**Data to use**

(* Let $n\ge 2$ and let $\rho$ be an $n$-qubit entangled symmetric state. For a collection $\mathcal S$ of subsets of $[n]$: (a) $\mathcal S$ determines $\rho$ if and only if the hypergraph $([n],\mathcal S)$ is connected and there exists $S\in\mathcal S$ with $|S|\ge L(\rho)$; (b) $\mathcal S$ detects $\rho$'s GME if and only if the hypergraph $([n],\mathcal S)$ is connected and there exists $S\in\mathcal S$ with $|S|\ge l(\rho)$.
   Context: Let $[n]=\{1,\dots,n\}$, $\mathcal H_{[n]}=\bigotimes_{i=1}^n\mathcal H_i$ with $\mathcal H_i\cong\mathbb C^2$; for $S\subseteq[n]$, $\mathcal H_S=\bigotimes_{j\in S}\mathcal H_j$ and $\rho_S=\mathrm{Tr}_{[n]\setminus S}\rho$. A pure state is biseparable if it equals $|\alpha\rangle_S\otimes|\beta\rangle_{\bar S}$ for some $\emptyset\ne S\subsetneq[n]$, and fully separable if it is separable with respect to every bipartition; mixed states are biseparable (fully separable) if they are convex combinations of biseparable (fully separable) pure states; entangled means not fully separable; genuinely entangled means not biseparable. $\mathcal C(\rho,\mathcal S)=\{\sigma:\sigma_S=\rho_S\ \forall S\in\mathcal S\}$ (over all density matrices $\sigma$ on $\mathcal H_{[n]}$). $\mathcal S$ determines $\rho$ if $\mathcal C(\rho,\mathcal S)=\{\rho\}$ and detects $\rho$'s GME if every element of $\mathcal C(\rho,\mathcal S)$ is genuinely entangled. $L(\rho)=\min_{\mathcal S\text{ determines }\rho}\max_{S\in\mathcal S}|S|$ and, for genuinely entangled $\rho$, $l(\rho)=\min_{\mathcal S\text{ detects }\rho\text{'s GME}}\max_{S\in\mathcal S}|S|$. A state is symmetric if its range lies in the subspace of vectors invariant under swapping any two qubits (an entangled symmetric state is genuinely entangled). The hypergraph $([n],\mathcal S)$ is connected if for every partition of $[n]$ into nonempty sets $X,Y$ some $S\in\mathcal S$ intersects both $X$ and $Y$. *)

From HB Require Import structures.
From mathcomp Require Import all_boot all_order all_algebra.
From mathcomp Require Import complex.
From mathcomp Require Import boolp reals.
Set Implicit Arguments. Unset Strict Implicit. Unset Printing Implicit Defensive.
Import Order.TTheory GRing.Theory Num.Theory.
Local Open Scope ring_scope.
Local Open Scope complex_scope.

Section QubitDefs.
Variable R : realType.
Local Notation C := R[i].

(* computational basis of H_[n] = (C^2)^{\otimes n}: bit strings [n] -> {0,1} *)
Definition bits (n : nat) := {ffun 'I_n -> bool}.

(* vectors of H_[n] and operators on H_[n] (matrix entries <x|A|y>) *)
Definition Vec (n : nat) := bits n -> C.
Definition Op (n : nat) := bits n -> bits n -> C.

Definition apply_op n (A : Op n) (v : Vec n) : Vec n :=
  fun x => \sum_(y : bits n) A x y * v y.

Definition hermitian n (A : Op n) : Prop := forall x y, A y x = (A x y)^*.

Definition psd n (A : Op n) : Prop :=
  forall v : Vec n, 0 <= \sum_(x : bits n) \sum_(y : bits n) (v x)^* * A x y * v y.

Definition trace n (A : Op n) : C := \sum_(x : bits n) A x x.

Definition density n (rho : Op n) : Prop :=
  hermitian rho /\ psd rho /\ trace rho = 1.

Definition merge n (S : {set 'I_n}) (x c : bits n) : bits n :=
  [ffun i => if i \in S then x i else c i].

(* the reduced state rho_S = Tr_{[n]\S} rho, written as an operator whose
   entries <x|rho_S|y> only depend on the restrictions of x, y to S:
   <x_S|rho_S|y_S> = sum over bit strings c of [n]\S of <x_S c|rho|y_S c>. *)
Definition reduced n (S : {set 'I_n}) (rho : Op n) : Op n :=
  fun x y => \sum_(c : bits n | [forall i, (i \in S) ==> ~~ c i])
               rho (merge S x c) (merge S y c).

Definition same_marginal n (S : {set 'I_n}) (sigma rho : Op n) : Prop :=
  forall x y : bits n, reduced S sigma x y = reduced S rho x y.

...

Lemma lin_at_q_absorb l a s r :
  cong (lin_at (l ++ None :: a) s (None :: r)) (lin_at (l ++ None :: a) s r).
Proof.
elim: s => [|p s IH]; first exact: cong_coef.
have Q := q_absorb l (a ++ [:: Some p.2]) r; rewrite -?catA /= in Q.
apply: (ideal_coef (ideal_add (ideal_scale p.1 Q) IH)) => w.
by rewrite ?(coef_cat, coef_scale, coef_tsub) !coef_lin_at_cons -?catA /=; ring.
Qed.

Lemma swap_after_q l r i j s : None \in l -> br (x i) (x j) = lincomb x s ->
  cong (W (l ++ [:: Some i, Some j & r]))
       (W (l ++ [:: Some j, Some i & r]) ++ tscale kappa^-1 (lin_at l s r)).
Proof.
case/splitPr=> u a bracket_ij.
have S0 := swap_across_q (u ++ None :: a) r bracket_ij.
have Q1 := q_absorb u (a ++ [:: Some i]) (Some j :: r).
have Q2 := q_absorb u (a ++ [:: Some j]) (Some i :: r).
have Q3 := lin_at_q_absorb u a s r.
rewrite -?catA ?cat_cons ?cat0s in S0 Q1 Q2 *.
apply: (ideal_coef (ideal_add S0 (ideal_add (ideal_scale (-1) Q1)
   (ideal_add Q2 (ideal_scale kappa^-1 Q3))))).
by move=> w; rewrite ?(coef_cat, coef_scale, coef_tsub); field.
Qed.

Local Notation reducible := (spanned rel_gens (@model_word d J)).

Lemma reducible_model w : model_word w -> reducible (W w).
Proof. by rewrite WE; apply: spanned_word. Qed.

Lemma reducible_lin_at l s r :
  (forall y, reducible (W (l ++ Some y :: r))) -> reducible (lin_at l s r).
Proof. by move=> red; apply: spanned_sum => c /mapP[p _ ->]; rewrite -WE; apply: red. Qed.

**Your objective**
Both end lines included, restate word for word the lines above from the line with "(* Let $n\ge" to the line with "Local Notation C := R[i].", and nothing else.

**Solution to the exercise**
(* Let $n\ge 2$ and let $\rho$ be an $n$-qubit entangled symmetric state. For a collection $\mathcal S$ of subsets of $[n]$: (a) $\mathcal S$ determines $\rho$ if and only if the hypergraph $([n],\mathcal S)$ is connected and there exists $S\in\mathcal S$ with $|S|\ge L(\rho)$; (b) $\mathcal S$ detects $\rho$'s GME if and only if the hypergraph $([n],\mathcal S)$ is connected and there exists $S\in\mathcal S$ with $|S|\ge l(\rho)$.
   Context: Let $[n]=\{1,\dots,n\}$, $\mathcal H_{[n]}=\bigotimes_{i=1}^n\mathcal H_i$ with $\mathcal H_i\cong\mathbb C^2$; for $S\subseteq[n]$, $\mathcal H_S=\bigotimes_{j\in S}\mathcal H_j$ and $\rho_S=\mathrm{Tr}_{[n]\setminus S}\rho$. A pure state is biseparable if it equals $|\alpha\rangle_S\otimes|\beta\rangle_{\bar S}$ for some $\emptyset\ne S\subsetneq[n]$, and fully separable if it is separable with respect to every bipartition; mixed states are biseparable (fully separable) if they are convex combinations of biseparable (fully separable) pure states; entangled means not fully separable; genuinely entangled means not biseparable. $\mathcal C(\rho,\mathcal S)=\{\sigma:\sigma_S=\rho_S\ \forall S\in\mathcal S\}$ (over all density matrices $\sigma$ on $\mathcal H_{[n]}$). $\mathcal S$ determines $\rho$ if $\mathcal C(\rho,\mathcal S)=\{\rho\}$ and detects $\rho$'s GME if every element of $\mathcal C(\rho,\mathcal S)$ is genuinely entangled. $L(\rho)=\min_{\mathcal S\text{ determines }\rho}\max_{S\in\mathcal S}|S|$ and, for genuinely entangled $\rho$, $l(\rho)=\min_{\mathcal S\text{ detects }\rho\text{'s GME}}\max_{S\in\mathcal S}|S|$. A state is symmetric if its range lies in the subspace of vectors invariant under swapping any two qubits (an entangled symmetric state is genuinely entangled). The hypergraph $([n],\mathcal S)$ is connected if for every partition of $[n]$ into nonempty sets $X,Y$ some $S\in\mathcal S$ intersects both $X$ and $Y$. *)

From HB Require Import structures.
From mathcomp Require Import all_boot all_order all_algebra.
From mathcomp Require Import complex.
From mathcomp Require Import boolp reals.
Set Implicit Arguments. Unset Strict Implicit. Unset Printing Implicit Defensive.
Import Order.TTheory GRing.Theory Num.Theory.
Local Open Scope ring_scope.
Local Open Scope complex_scope.

Section QubitDefs.
Variable R : realType.
Local Notation C := R[i].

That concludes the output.